> Problem:
Print exactly the lines below between the line holding "(13 * s ^ 2 <= potts_Fn" and the line holding "have y_gt0 : 0 < 15 * y by nra.", inclusive, and nothing more.

++++++++++++++++++++

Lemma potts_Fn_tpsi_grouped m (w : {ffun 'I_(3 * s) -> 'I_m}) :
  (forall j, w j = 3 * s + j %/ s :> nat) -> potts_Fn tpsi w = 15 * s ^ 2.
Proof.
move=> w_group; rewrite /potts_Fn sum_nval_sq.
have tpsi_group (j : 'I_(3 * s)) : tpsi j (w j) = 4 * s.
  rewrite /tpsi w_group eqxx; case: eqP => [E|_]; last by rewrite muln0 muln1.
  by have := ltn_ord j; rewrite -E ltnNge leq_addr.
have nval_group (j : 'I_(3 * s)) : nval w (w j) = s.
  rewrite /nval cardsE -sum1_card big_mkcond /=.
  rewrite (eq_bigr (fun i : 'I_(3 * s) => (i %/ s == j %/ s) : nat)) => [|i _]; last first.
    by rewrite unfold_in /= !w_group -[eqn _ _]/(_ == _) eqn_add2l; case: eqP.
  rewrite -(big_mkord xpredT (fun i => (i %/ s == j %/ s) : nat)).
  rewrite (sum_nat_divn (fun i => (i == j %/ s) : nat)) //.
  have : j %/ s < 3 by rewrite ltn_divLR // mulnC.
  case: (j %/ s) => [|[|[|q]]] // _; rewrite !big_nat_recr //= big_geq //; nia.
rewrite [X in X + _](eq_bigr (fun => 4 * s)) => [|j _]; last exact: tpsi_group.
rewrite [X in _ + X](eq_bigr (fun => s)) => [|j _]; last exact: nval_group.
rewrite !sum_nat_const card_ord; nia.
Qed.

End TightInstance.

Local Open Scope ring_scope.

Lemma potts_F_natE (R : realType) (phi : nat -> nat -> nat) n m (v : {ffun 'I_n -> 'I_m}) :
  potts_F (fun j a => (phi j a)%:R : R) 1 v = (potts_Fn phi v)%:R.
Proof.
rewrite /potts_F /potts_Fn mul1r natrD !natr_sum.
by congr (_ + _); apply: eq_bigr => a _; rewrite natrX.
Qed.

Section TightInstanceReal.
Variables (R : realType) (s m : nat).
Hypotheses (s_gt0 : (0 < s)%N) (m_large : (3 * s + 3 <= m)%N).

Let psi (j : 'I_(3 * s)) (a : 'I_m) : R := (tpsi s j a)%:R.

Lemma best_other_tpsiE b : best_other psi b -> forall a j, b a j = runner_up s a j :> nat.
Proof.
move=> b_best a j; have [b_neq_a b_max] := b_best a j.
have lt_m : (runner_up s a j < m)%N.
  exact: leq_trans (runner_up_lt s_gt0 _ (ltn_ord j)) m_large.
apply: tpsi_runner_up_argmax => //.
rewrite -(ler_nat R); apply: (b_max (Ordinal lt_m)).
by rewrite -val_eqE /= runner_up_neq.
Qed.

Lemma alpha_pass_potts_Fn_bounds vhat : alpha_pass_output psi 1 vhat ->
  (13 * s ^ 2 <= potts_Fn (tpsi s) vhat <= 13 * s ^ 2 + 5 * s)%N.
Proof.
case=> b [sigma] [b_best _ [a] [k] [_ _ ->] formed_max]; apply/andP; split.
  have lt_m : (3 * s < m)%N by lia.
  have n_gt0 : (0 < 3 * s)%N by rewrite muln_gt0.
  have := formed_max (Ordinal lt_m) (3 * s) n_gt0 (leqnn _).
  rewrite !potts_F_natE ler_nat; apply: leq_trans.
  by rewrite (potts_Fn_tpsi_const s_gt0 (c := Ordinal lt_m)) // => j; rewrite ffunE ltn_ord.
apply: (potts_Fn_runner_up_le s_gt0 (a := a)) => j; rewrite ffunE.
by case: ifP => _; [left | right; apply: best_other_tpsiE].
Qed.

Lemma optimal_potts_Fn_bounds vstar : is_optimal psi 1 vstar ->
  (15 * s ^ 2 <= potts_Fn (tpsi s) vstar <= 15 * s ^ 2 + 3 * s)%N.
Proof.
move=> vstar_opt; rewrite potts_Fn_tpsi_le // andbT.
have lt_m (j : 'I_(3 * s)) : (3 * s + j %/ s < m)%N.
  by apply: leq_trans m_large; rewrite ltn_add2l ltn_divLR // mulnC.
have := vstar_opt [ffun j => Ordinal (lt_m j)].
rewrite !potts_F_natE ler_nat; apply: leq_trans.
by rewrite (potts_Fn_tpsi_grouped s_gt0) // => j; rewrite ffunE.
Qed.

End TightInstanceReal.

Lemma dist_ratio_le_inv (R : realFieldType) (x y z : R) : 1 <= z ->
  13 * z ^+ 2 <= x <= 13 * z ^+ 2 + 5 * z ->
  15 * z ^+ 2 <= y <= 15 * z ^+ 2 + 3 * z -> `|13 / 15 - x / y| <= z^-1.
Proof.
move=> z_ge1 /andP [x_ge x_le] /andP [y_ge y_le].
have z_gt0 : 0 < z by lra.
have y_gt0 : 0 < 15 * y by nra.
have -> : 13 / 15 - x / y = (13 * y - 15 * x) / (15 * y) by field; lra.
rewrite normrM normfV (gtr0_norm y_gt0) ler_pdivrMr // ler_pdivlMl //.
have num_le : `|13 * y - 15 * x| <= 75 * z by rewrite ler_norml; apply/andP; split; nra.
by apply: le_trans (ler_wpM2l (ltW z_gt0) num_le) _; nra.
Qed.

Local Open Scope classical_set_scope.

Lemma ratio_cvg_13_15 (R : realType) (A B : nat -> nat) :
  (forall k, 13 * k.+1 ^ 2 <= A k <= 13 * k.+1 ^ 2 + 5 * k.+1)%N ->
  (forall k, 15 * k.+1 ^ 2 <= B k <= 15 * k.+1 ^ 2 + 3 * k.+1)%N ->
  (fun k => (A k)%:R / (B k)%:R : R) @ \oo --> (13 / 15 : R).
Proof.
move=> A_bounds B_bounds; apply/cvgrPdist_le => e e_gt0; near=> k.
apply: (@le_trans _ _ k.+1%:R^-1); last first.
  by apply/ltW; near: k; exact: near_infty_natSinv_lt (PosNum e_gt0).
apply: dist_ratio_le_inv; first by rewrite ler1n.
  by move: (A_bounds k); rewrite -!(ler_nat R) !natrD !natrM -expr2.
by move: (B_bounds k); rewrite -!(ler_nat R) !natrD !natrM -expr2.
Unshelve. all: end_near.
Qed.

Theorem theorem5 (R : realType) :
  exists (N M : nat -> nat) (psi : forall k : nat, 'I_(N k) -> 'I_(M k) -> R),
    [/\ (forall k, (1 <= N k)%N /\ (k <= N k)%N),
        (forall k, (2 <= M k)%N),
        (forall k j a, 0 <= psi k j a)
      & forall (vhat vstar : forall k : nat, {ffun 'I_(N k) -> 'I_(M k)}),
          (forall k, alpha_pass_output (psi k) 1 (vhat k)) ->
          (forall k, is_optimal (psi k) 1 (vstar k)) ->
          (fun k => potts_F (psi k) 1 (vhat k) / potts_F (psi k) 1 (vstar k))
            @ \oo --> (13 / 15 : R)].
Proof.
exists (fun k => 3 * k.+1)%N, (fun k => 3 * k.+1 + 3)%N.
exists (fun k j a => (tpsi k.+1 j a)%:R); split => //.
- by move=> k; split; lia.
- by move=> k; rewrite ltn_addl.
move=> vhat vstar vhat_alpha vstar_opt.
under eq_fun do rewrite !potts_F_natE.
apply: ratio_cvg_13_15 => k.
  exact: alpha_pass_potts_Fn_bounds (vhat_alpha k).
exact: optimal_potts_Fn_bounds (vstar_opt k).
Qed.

++++++++++++++++++++

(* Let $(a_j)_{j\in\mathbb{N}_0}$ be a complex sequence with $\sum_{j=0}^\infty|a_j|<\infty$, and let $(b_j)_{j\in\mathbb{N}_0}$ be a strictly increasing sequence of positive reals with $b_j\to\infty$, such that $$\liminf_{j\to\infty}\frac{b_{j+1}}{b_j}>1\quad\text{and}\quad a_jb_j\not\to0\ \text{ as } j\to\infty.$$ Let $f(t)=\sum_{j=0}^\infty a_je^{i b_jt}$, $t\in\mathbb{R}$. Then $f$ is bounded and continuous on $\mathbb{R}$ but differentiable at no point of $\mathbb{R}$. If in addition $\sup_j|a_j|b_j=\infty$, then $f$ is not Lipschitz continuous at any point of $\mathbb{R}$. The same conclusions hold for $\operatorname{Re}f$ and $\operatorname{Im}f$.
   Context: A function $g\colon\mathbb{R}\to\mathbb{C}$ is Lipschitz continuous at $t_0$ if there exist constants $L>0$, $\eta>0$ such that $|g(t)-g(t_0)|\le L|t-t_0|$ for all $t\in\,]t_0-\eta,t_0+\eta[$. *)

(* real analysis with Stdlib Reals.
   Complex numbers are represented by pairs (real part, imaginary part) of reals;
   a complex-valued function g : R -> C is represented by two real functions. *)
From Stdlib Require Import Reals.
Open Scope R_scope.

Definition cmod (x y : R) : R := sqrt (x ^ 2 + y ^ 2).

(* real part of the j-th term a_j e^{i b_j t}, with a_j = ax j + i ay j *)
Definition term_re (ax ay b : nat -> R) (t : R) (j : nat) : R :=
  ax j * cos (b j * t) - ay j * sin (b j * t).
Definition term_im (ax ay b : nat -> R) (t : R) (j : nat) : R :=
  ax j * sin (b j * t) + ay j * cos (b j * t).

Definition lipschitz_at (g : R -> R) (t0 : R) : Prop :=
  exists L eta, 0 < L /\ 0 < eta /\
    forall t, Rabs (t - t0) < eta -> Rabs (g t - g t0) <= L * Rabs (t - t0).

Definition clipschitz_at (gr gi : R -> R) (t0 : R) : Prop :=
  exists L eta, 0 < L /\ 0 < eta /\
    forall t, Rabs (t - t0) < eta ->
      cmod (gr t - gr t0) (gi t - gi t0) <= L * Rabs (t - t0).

++++++++++++++++++++

> Result below:
  (13 * s ^ 2 <= potts_Fn (tpsi s) vhat <= 13 * s ^ 2 + 5 * s)%N.
Proof.
case=> b [sigma] [b_best _ [a] [k] [_ _ ->] formed_max]; apply/andP; split.
  have lt_m : (3 * s < m)%N by lia.
  have n_gt0 : (0 < 3 * s)%N by rewrite muln_gt0.
  have := formed_max (Ordinal lt_m) (3 * s) n_gt0 (leqnn _).
  rewrite !potts_F_natE ler_nat; apply: leq_trans.
  by rewrite (potts_Fn_tpsi_const s_gt0 (c := Ordinal lt_m)) // => j; rewrite ffunE ltn_ord.
apply: (potts_Fn_runner_up_le s_gt0 (a := a)) => j; rewrite ffunE.
by case: ifP => _; [left | right; apply: best_other_tpsiE].
Qed.

Lemma optimal_potts_Fn_bounds vstar : is_optimal psi 1 vstar ->
  (15 * s ^ 2 <= potts_Fn (tpsi s) vstar <= 15 * s ^ 2 + 3 * s)%N.
Proof.
move=> vstar_opt; rewrite potts_Fn_tpsi_le // andbT.
have lt_m (j : 'I_(3 * s)) : (3 * s + j %/ s < m)%N.
  by apply: leq_trans m_large; rewrite ltn_add2l ltn_divLR // mulnC.
have := vstar_opt [ffun j => Ordinal (lt_m j)].
rewrite !potts_F_natE ler_nat; apply: leq_trans.
by rewrite (potts_Fn_tpsi_grouped s_gt0) // => j; rewrite ffunE.
Qed.

End TightInstanceReal.

Lemma dist_ratio_le_inv (R : realFieldType) (x y z : R) : 1 <= z ->
  13 * z ^+ 2 <= x <= 13 * z ^+ 2 + 5 * z ->
  15 * z ^+ 2 <= y <= 15 * z ^+ 2 + 3 * z -> `|13 / 15 - x / y| <= z^-1.
Proof.
move=> z_ge1 /andP [x_ge x_le] /andP [y_ge y_le].
have z_gt0 : 0 < z by lra.
have y_gt0 : 0 < 15 * y by nra.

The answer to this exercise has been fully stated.